Die inch Maße in cm übertragen resultieren in etwa mit 38 x 25 x 13 cm, d.h. meine Neuerwerbung ist auch etwas zu flach, hoffe das passt trotzdem mit dem Tunnel.
solche Koffer wurden beispielsweise aus Fiberglas (ab 1935) hergestellt oder aus Lederpappe, die bei der Modellbahn als Isoliermaterial für nachträglich einzusetzende Stromschienen verwendet wurde. Lederpappe kennen wir auch als Material bei alten Aktenordnern.
der Patrick mausert sich zu einem zweiten Monsieur Brianne aus Paris, der den großen Spielzeugkoffer, unter anderem mit Märklin-Teilen, für den Sohn des russischen Zaren ausstattete, den der französiche Präsident Fallières anläßlich seines Staatsbesuchs 1908 in Russland dem Zarensohn Nikolei geschenkt hat. Allerdings war der Koffer mit dem sogenannten Zarenzug etwas größer: Geschlossen hatte er die Maße 1,30 x 0,90 x 0,80 m.
# Patrick, das hast du ganz toll hinbekommen. Da frage ich mich: Wäre das etwas für die Enkel von Putin ? So könntest du ins Geschäft kommen. Die Russen zahlen gut, haben aber anscheinend die Eisenbahn noch nicht entdeckt.
Tolles Projekt Geschichte genauso wie FAO Schwarz auf der 5th Avenue wo ich 2010 noch die Lionel Eisenbahnen bestaunt habe und leider nichts mitgenommen habe.
Doch, Udo! Die Russen haben die Eisenbahn schon entdeckt...😄
1948 lud Josip Stalin die Firma Lionel aus den USA nach Moskau ein! Lionel stellte dort eine große Modelleisenbahn in Spur 0 aus.
Stalins Ingenieure kupferten viele Teile dieser Bahn sowie die Schienen 1:1 ab. Nur die Loks, der Bahnhof und der elektrische Kabelbaum sind eigene Entwicklungen der Sowjets gewesen.
Die Moskauer Kabelwerke haben dann ab 1951 diese Eisenbahn gebaut: die Moskabel Pionerskaja!!! Über die faszinierende Geschichte dieser Bahn habe ich hier im Forum ausführlich berichtet und will mich hier nicht wiederholen - das wäre Off Topic. Wen's aber interessiert, der wird hier im Archiv fündig, wo ich die Übersetzungen der Schriften aus USA eingestellt habe.
Claudia, ich meinte das anders. Im Hinblick auf die Präsenz von russischen Käufern auf Auktionen in den westlichen Ländern und dem "Alleshabenwollen" ist es verwunderlich, dass sie noch nicht oder wenn ja, dann in einem bescheidenen Umfang, auf den Spielzeug-Auktionen aufgetaucht sind.
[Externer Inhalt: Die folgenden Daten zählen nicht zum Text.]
(* Let $\Psi_1 = 1$, and for each integer $k \geq 2$ let $\Psi_k = \frac{1 + \Psi_{k_1} + \Psi_{k_2}}{2}$, where for each $k$ the pair of positive integers $k_1, k_2$ with $k_1 + k_2 = k$ may be chosen arbitrarily. Then for every integer $k \geq 2$ there exist positive constants $C_k$ and $D_k$ (depending only on $k$ and the chosen sequence $(\Psi_j)$) such that for every real $M > 0$ and every finite set $A$ of positive real numbers with $|AA| \leq M|A|$, \[ |kA| \geq \frac{C_k}{M^{D_k}} \cdot |A|^{\Psi_k}. \] In particular, for every integer $k \geq 2$ there exist positive constants $C_k, D_k$ such that for every real $M>0$ and every finite set $A$ of positive real numbers with $|AA| \leq M|A|$, \[ |kA| \geq \frac{C_k}{M^{D_k}} \cdot |A|^{\log_4 (2k)}. \]
   Context: For a finite set $A$ of real numbers, $AA = \{ab : a, b \in A\}$ is the product set, and $kA = \{a_1 + a_2 + \cdots + a_k : a_1, \dots, a_k \in A\}$ is the $k$-fold sum set. $|X|$ denotes the cardinality of a finite set $X$. *)

From HB Require Import structures.
From mathcomp Require Import all_boot all_order all_algebra.
From mathcomp Require Import finmap.
From mathcomp Require Import all_classical all_reals all_analysis.
Set Implicit Arguments. Unset Strict Implicit. Unset Printing Implicit Defensive.
Import Order.TTheory GRing.Theory Num.Theory.
Local Open Scope ring_scope.
Local Open Scope fset_scope.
Der Zarensohn hat mit seiner Märklin-Eisenbahn 1908 den Anfang gemacht, und Märklin hat nachgezogen, als die Firma 1913 in Moskau und 1914 in St. Petersburg Verkaufsniederlassungen gründete. Dann kam erst einmal die Revolution und dann lange nichts mehr bis zur Moskabel Pionerskaja.
Also, es kann durchaus sein und ist auch vorstellbar, dass schon vorher in kleinem Umfang Blecheisenbahnen in Russland hergestellt worden sind. Das ist aber ein eigenes Thema und bedarf sicherlich einer umfangreichen Recherche.